Download Specific FineWeb Parquet Files | Generated by AI
You just want to download and use a few parquet files from one Common Crawl dump (like CC-MAIN-2013-20) instead of the whole 15T-token FineWeb monster — totally reasonable! Here’s the easiest ways to do it in 2025.
Method 1: Direct Download with huggingface_hub (Recommended, Fastest)
This downloads only the parquet files you want at full speed (~GB/s if you enable hf-transfer).
# 1. Install/upgrade
pip install -U "huggingface_hub[hf_transfer]"
# 2. Enable fast download (very important!)

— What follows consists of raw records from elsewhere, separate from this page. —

(* Let $X$ be a Banach lattice with a bibasis, and let $D\subseteq X$ be a subset whose linear span is dense in $X$. Then there exists a u-frame $(x_j,f_j)_{j=1}^\infty$ of $X$ such that $x_j\in D$ for all $j\in\mathbb{N}$.
   Context: In a Banach lattice $X$, a sequence $(y_n)$ converges uniformly to $y$ (written $y_n\xrightarrow{u}y$) if there is a positive vector $w\in X$ (a regulator) such that for every $\varepsilon>0$ there is $N$ with $|y-y_n|\le\varepsilon w$ for all $n\ge N$. A sequence of pairs $(x_j,f_j)_{j=1}^\infty$ in $X\times X^*$ is a Schauder frame of $X$ if $x=\sum_{j=1}^\infty f_j(x)x_j$ in norm for all $x\in X$; it is a u-frame if moreover $\sum_{j=1}^n f_j(x)x_j\xrightarrow{u}x$ for every $x\in X$. A Schauder basis $(x_j)$ of $X$ with biorthogonal functionals $(x_j^* )$ is a bibasis if $\sum_{j=1}^n x_j^*(x)x_j\xrightarrow{u}x$ for every $x\in X$. *)

From Stdlib Require Import Reals List.
Open Scope R_scope.

Record BanachLattice := {
  bl_car :> Type;
  bl_zero : bl_car;
  bl_add : bl_car -> bl_car -> bl_car;
  bl_opp : bl_car -> bl_car;
  bl_scal : R -> bl_car -> bl_car;
  bl_norm : bl_car -> R;
  bl_le : bl_car -> bl_car -> Prop;
  bl_sup : bl_car -> bl_car -> bl_car;
  bl_addA : forall x y z, bl_add x (bl_add y z) = bl_add (bl_add x y) z;
  bl_addC : forall x y, bl_add x y = bl_add y x;
  bl_add0 : forall x, bl_add x bl_zero = x;
  bl_addN : forall x, bl_add x (bl_opp x) = bl_zero;
  bl_scal1 : forall x, bl_scal 1 x = x;
  bl_scalA : forall a b x, bl_scal a (bl_scal b x) = bl_scal (a * b) x;
  bl_scalDr : forall a x y, bl_scal a (bl_add x y) = bl_add (bl_scal a x) (bl_scal a y);
  bl_scalDl : forall a b x, bl_scal (a + b) x = bl_add (bl_scal a x) (bl_scal b x);
  bl_norm_ge0 : forall x, 0 <= bl_norm x;
  bl_norm_eq0 : forall x, bl_norm x = 0 -> x = bl_zero;
  bl_normZ : forall a x, bl_norm (bl_scal a x) = Rabs a * bl_norm x;
  bl_normD : forall x y, bl_norm (bl_add x y) <= bl_norm x + bl_norm y;
  bl_le_refl : forall x, bl_le x x;
  bl_le_antisym : forall x y, bl_le x y -> bl_le y x -> x = y;
  bl_le_trans : forall x y z, bl_le x y -> bl_le y z -> bl_le x z;
  bl_sup_l : forall x y, bl_le x (bl_sup x y);
  bl_sup_r : forall x y, bl_le y (bl_sup x y);
  bl_sup_least : forall x y z, bl_le x z -> bl_le y z -> bl_le (bl_sup x y) z;
  bl_le_add : forall x y z, bl_le x y -> bl_le (bl_add x z) (bl_add y z);
  bl_le_scal : forall a x y, 0 <= a -> bl_le x y -> bl_le (bl_scal a x) (bl_scal a y);
  bl_norm_mono : forall x y,
      bl_le (bl_sup x (bl_opp x)) (bl_sup y (bl_opp y)) -> bl_norm x <= bl_norm y;
  bl_complete : forall s : nat -> bl_car,
      (forall eps, eps > 0 -> exists N, forall n m, (n >= N)%nat -> (m >= N)%nat ->
          bl_norm (bl_add (s n) (bl_opp (s m))) < eps) ->
      exists l, forall eps, eps > 0 -> exists N, forall n, (n >= N)%nat ->
          bl_norm (bl_add l (bl_opp (s n))) < eps
}.

Section Defs.
Variable X : BanachLattice.

Definition bsub (x y : X) : X := bl_add X x (bl_opp X y).
Definition babs (x : X) : X := bl_sup X x (bl_opp X x).

Definition norm_conv (s : nat -> X) (l : X) : Prop :=
  forall eps, eps > 0 -> exists N, forall n, (n >= N)%nat -> bl_norm X (bsub l (s n)) < eps.

Definition u_conv (s : nat -> X) (l : X) : Prop :=
  exists w : X, bl_le X (bl_zero X) w /\
    forall eps, eps > 0 -> exists N, forall n, (n >= N)%nat ->
      bl_le X (babs (bsub l (s n))) (bl_scal X eps w).

(** partial sums  sum_{j < n} a_j x_j  (indices start at 0) *)
Fixpoint psum (a : nat -> R) (xs : nat -> X) (n : nat) : X :=
  match n with
  | O => bl_zero X
  | S k => bl_add X (psum a xs k) (bl_scal X (a k) (xs k))
  end.

Definition in_dual (f : X -> R) : Prop :=
  (forall x y, f (bl_add X x y) = f x + f y) /\
  (forall a x, f (bl_scal X a x) = a * f x) /\
  (exists C, forall x, Rabs (f x) <= C * bl_norm X x).

Definition schauder_frame (xs : nat -> X) (fs : nat -> X -> R) : Prop :=
  (forall j, in_dual (fs j)) /\
  forall x, norm_conv (psum (fun j => fs j x) xs) x.

Definition u_frame (xs : nat -> X) (fs : nat -> X -> R) : Prop :=
  schauder_frame xs fs /\
  forall x, u_conv (psum (fun j => fs j x) xs) x.

Definition schauder_basis (xs : nat -> X) : Prop :=
  forall x, exists! a : nat -> R, norm_conv (psum a xs) x.

Definition bibasis (xs : nat -> X) : Prop :=
  schauder_basis xs /\
  forall x (a : nat -> R), norm_conv (psum a xs) x -> u_conv (psum a xs) x.

Fixpoint lincomb (l : list (R * X)) : X :=
  match l with
  | nil => bl_zero X
  | (c, v) :: l' => bl_add X (bl_scal X c v) (lincomb l')
  end.

Definition in_span (D : X -> Prop) (y : X) : Prop :=
  exists l : list (R * X), Forall (fun p => D (snd p)) l /\ y = lincomb l.

Definition span_dense (D : X -> Prop) : Prop :=
  forall x eps, eps > 0 -> exists y, in_span D y /\ bl_norm X (bsub x y) < eps.

End Defs.

From Stdlib Require Import Reals List Lra Lia Classical ClassicalEpsilon FunctionalExtensionality.
Import ListNotations.
Open Scope R_scope.

(* The coefficient functionals x_j' of the bibasis are bounded (a Baire category
   argument), so for every n we may replace each x_j, j < n, by some z_{n,j} in the
   span of D so close to x_j that A_n x := sum_{j<n} x_j'(x) z_{n,j} satisfies
   |P_n x - A_n x| <= ||x|| V_n with ||V_n|| <= 8^-n, where P_n are the basis
   projections.  Expanding every z_{n,j} over D, the differences A_{n+1} - A_n become
   finite sums of rank-one terms f(x) d with f in X^* and d in D; listing these terms
   block after block gives a frame whose partial sums run through the A_n.  Repeating
   the n-th block m_n times with weight 1/m_n makes every partial sum inside a block
   differ from some A_n by at most |A_{n+1} x - A_n x| + ||x|| v_n with ||v_n|| <= 2 4^-n.
   Since the positive vector W = sum_n 2^n v_n dominates 2^n v_n, the uniform
   convergence P_n x -> x carries over to the frame with regulator
   4 (w_x + ||x|| W). *)

Section VectorLattice.
Variable X : BanachLattice.
Local Notation add := (bl_add X).
Local Notation opp := (bl_opp X).
Local Notation scal := (bl_scal X).
Local Notation nrm := (bl_norm X).
Local Notation le := (bl_le X).
Local Notation zero := (bl_zero X).
Local Notation sub := (bsub X).
Local Notation abs := (babs X).

Lemma add0l x : add zero x = x.
Proof. rewrite bl_addC; apply bl_add0. Qed.
Lemma addNl x : add (opp x) x = zero.
Proof. rewrite bl_addC; apply bl_addN. Qed.
Lemma add_cancel x y z : add x y = add x z -> y = z.
Proof.
  intro H. rewrite <- (add0l y), <- (add0l z), <- (addNl x), <- !bl_addA, H. reflexivity.
Qed.
Lemma opp_uniq x y : add x y = zero -> y = opp x.
Proof. intro H. apply (add_cancel x). rewrite H, bl_addN. reflexivity. Qed.
Lemma oppK x : opp (opp x) = x.
Proof. symmetry. apply opp_uniq. apply addNl. Qed.
Lemma opp0 : opp zero = zero.
Proof. symmetry. apply opp_uniq. apply bl_add0. Qed.
Lemma addACA a b c d : add (add a b) (add c d) = add (add a c) (add b d).
Proof.
  rewrite <- !bl_addA. f_equal. rewrite !bl_addA. f_equal. apply bl_addC.
Qed.
Lemma oppD x y : opp (add x y) = add (opp x) (opp y).
Proof.
  symmetry. apply opp_uniq. rewrite addACA, !bl_addN, bl_add0. reflexivity.
Qed.
Lemma scal0l x : scal 0 x = zero.
Proof.
  apply (add_cancel (scal 0 x)). rewrite <- bl_scalDl, Rplus_0_l, bl_add0. reflexivity.
Qed.
Lemma scal0r a : scal a zero = zero.
Proof.
  apply (add_cancel (scal a zero)). rewrite <- bl_scalDr, !bl_add0. reflexivity.
Qed.
Lemma scalN1 x : scal (-1) x = opp x.
Proof.
  apply opp_uniq. rewrite <- (bl_scal1 X x) at 1. rewrite <- bl_scalDl.
  replace (1 + -1) with 0 by ring. apply scal0l.
Qed.
Lemma scalNl a x : scal (- a) x = opp (scal a x).
Proof. rewrite <- scalN1, bl_scalA. f_equal. ring. Qed.
Lemma scalNr a x : scal a (opp x) = opp (scal a x).
Proof. rewrite <- !scalN1, !bl_scalA. f_equal. ring. Qed.
Lemma scal_add2 y : add y y = scal 2 y.
Proof. rewrite <- (bl_scal1 X y) at 1 2. rewrite <- bl_scalDl. f_equal. Qed.
Lemma scal_add4 y : add y (add (add y y) y) = scal 4 y.
Proof.
  rewrite <- (bl_scal1 X y). rewrite <- !bl_scalDl, bl_scalA. f_equal. ring.
Qed.

Lemma sub_diag x : sub x x = zero.
Proof. apply bl_addN. Qed.
Lemma sub0r x : sub x zero = x.
Proof. unfold bsub. rewrite opp0, bl_add0. auto. Qed.
Lemma sub_add x y z : sub x z = add (sub x y) (sub y z).
Proof.
  unfold bsub. rewrite bl_addA, <- (bl_addA _ x), addNl, bl_add0. reflexivity.
Qed.
Lemma sub_opp x y : sub y x = opp (sub x y).
Proof. unfold bsub. rewrite oppD, oppK, bl_addC. reflexivity. Qed.
Lemma subDD a b c d : sub (add a b) (add c d) = add (sub a c) (sub b d).
Proof. unfold bsub. rewrite oppD, addACA. reflexivity. Qed.
Lemma subBB a b c d : sub (sub a b) (sub c d) = sub (sub a c) (sub b d).
Proof.
  change (sub (add a (opp b)) (add c (opp d)) = sub (sub a c) (sub b d)).
  rewrite subDD. unfold bsub at 3. f_equal. unfold bsub. rewrite oppD, !oppK. reflexivity.
Qed.
Lemma scal_sub a x y : scal a (sub x y) = sub (scal a x) (scal a y).
Proof. unfold bsub. rewrite bl_scalDr, scalNr. reflexivity. Qed.
Lemma add_sub x y : add (sub x y) y = x.
Proof. unfold bsub. rewrite <- bl_addA, addNl, bl_add0. auto. Qed.
Lemma sub_add_l x y : sub (add x y) y = x.
Proof. unfold bsub. rewrite <- bl_addA, bl_addN, bl_add0. auto. Qed.
Lemma sub_add_r x y p : sub x (add y p) = sub (sub x y) p.
Proof. unfold bsub. rewrite oppD, bl_addA. auto. Qed.
Lemma sub_sub_r x p : sub x (sub x p) = p.
Proof. unfold bsub. rewrite oppD, oppK, bl_addA, bl_addN, add0l. auto. Qed.
Lemma sub_sub_add y w z : sub y (sub w z) = add (sub y w) z.
Proof. unfold bsub. rewrite oppD, oppK, bl_addA. auto. Qed.

Lemma nrm0 : nrm zero = 0.
Proof. rewrite <- (scal0l zero), bl_normZ, Rabs_R0. ring. Qed.
Lemma nrm_opp x : nrm (opp x) = nrm x.
Proof. rewrite <- scalN1, bl_normZ, Rabs_left by lra. ring. Qed.
Lemma nrm_sub_sym x y : nrm (sub x y) = nrm (sub y x).
Proof. rewrite (sub_opp x y), nrm_opp. reflexivity. Qed.
Lemma nrm_tri x y z : nrm (sub x z) <= nrm (sub x y) + nrm (sub y z).
Proof. rewrite (sub_add x y z). apply bl_normD. Qed.
Lemma nrm_sub_le x y : nrm (sub x y) <= nrm x + nrm y.
Proof. unfold bsub. rewrite <- (nrm_opp y). apply bl_normD. Qed.

Lemma le_add2 a b c d : le a b -> le c d -> le (add a c) (add b d).
Proof.
  intros H1 H2. apply bl_le_trans with (add b c). apply bl_le_add; auto.
  rewrite (bl_addC _ b c), (bl_addC _ b d). apply bl_le_add; auto.
Qed.
Lemma le_opp a b : le a b -> le (opp b) (opp a).
Proof.
  intro H. pose proof (bl_le_add X _ _ (add (opp a) (opp b)) H) as H'.
  rewrite bl_addA, bl_addN, add0l in H'.
  rewrite (bl_addC _ (opp a)), bl_addA, bl_addN, add0l in H'. auto.
Qed.
Lemma le_sub0 a b : le a b -> le zero (sub b a).
Proof.
  intro H. unfold bsub. rewrite <- (bl_addN X a). apply bl_le_add. auto.
Qed.
Lemma le_sub0_inv a b : le zero (sub b a) -> le a b.
Proof.
  intro H. apply (bl_le_add X _ _ a) in H. rewrite add0l, add_sub in H. auto.
Qed.
Lemma add_nonneg a b : le zero a -> le zero b -> le zero (add a b).
Proof. intros. rewrite <- (bl_add0 X zero). apply le_add2; auto. Qed.
Lemma le_add_r a b : le zero b -> le a (add a b).
Proof.
  intros. rewrite <- (bl_add0 X a) at 1. rewrite (bl_addC _ a zero), (bl_addC _ a b).
  apply bl_le_add; auto.
Qed.
Lemma scal_nonneg a y : 0 <= a -> le zero y -> le zero (scal a y).
Proof. intros. rewrite <- (scal0r a). apply bl_le_scal; auto. Qed.
Lemma scal_mono a b y : le zero y -> a <= b -> le (scal a y) (scal b y).
Proof.
  intros Hy Hab. replace b with (a + (b - a)) by ring. rewrite bl_scalDl.
  rewrite <- (bl_add0 X (scal a y)) at 1. rewrite (bl_addC _ (scal a y) zero).
  rewrite (bl_addC _ (scal a y)). apply bl_le_add.
  rewrite <- (scal0r (b - a)). apply bl_le_scal; auto. lra.
Qed.
Lemma le0_half y : le zero (scal 2 y) -> le zero y.
Proof.
  intro H. apply (bl_le_scal X (/2)) in H; [|lra].
  rewrite scal0r, bl_scalA in H. replace (/2*2) with 1 in H by field.
  rewrite bl_scal1 in H. auto.
Qed.

Lemma abs_ge x : le x (abs x).
Proof. apply bl_sup_l. Qed.
Lemma abs_geN x : le (opp x) (abs x).
Proof. apply bl_sup_r. Qed.
Lemma abs_nonneg x : le zero (abs x).
Proof.
  apply le0_half. rewrite <- scal_add2. rewrite <- (bl_addN X x).
  apply le_add2; [apply abs_ge|apply abs_geN].
Qed.
Lemma abs_pos y : le zero y -> abs y = y.
Proof.
  intro H. apply bl_le_antisym.
  - apply bl_sup_least. apply bl_le_refl. apply bl_le_trans with zero; auto.
    rewrite <- opp0. apply le_opp; auto.
  - apply abs_ge.
Qed.
Lemma abs_abs x : abs (abs x) = abs x.
Proof. apply abs_pos, abs_nonneg. Qed.
Lemma abs_zero : abs zero = zero.
Proof. apply abs_pos, bl_le_refl. Qed.
Lemma nrm_abs x : nrm (abs x) = nrm x.
Proof.
  apply Rle_antisym; apply bl_norm_mono; fold (abs x) (abs (abs x));
  rewrite abs_abs; apply bl_le_refl.
Qed.
Lemma nrm_le_abs x y : le (abs x) y -> nrm x <= nrm y.
Proof.
  intro H. apply bl_norm_mono. fold (abs x) (abs y). rewrite (abs_pos y); auto.
  apply bl_le_trans with (abs x); auto. apply abs_nonneg.
Qed.
Lemma abs_add x y : le (abs (add x y)) (add (abs x) (abs y)).
Proof.
  apply bl_sup_least. apply le_add2; apply abs_ge.
  rewrite oppD. apply le_add2; apply abs_geN.
Qed.
Lemma abs_opp x : abs (opp x) = abs x.
Proof.
  unfold babs. rewrite oppK. apply bl_le_antisym; apply bl_sup_least;
  first [apply bl_sup_l | apply bl_sup_r].
Qed.
Lemma abs_sub_sym x y : abs (sub x y) = abs (sub y x).
Proof. rewrite (sub_opp x y), abs_opp. auto. Qed.
Lemma abs_sub_le a b : le (abs (sub a b)) (add (abs a) (abs b)).
Proof. unfold bsub. rewrite <- (abs_opp b). apply abs_add. Qed.
Lemma abs_tri x y z : le (abs (sub x z)) (add (abs (sub x y)) (abs (sub y z))).
Proof. rewrite (sub_add x y z). apply abs_add. Qed.
Lemma abs_scal c x : le (abs (scal c x)) (scal (Rabs c) (abs x)).
Proof.
  destruct (Rle_dec 0 c) as [Hc|Hc].
  - rewrite Rabs_pos_eq by auto. apply bl_sup_least.
    + apply bl_le_scal; auto; apply abs_ge.
    + rewrite <- scalNr. apply bl_le_scal; auto; apply abs_geN.
  - rewrite Rabs_left by lra. apply bl_sup_least.
    + replace c with (- - c) at 1 by ring. rewrite scalNl, <- scalNr.
      apply bl_le_scal; [lra|apply abs_geN].
    + replace c with (- - c) at 1 by ring. rewrite scalNl, oppK.
      apply bl_le_scal; [lra|apply abs_ge].
Qed.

export HF_HUB_ENABLE_HF_TRANSFER=1 # Linux/macOS
# or on Windows PowerShell:
# $env:HF_HUB_ENABLE_HF_TRANSFER = "1"
# 3. Download just a few parquet files you want
huggingface-cli download HuggingFaceFW/fineweb \
data/CC-MAIN-2013-20/000_00000.parquet \
data/CC-MAIN-2013-20/000_00001.parquet \
data/CC-MAIN-2013-20/000_00002.parquet \
--repo-type dataset --local-dir fineweb-2013-20
That’s it — you now have three ~2.15 GB parquet files in the folder fineweb-2013-20/.
Method 2: One-Liner Python Script to Download Specific Files
from huggingface_hub import snapshot_download
snapshot_download(
repo_id="HuggingFaceFW/fineweb",
repo_type="dataset",
allow_patterns=[
"data/CC-MAIN-2013-20/000_00000.parquet",
"data/CC-MAIN-2013-20/000_00001.parquet",
# add more if you want
],
local_dir="fineweb-2013-20"
)
How to Read the Parquet Files Locally
import pandas as pd
# or use pyarrow for speed + lower memory
import pyarrow.parquet as pq
import pyarrow.dataset as ds
# Fastest way (streams without loading everything in RAM)
dataset = ds.dataset("fineweb-2013-20/data/CC-MAIN-2013-20/", format="parquet")
for batch in dataset.to_batches(batch_size=1024):
df = batch.to_pandas()
for text in df["text"]:
# do whatever you want: tokenize, filter, write to jsonl, etc.
print(text[:200]) # example
Or simply with pandas (fine for a few files):
df = pd.read_parquet("fineweb-2013-20/data/CC-MAIN-2013-20/000_00000.parquet")
print(df.columns) # ['text', 'id', 'dump', 'url', 'date', 'file_path', 'language', 'language_score', 'token_count']
print(df.iloc[0]["text"])
Quick Stats for CC-MAIN-2013-20
- ~207 parquet files × ~2.15 GB ≈ 422 GB total
- ~44 billion tokens (good size for small-to-medium experiments)
- Already cleaned, deduplicated, and filtered by Hugging Face
That’s all you need. Just pick however many _0000XX.parquet files you want (they’re shuffled), download only those, and start training or filtering right away.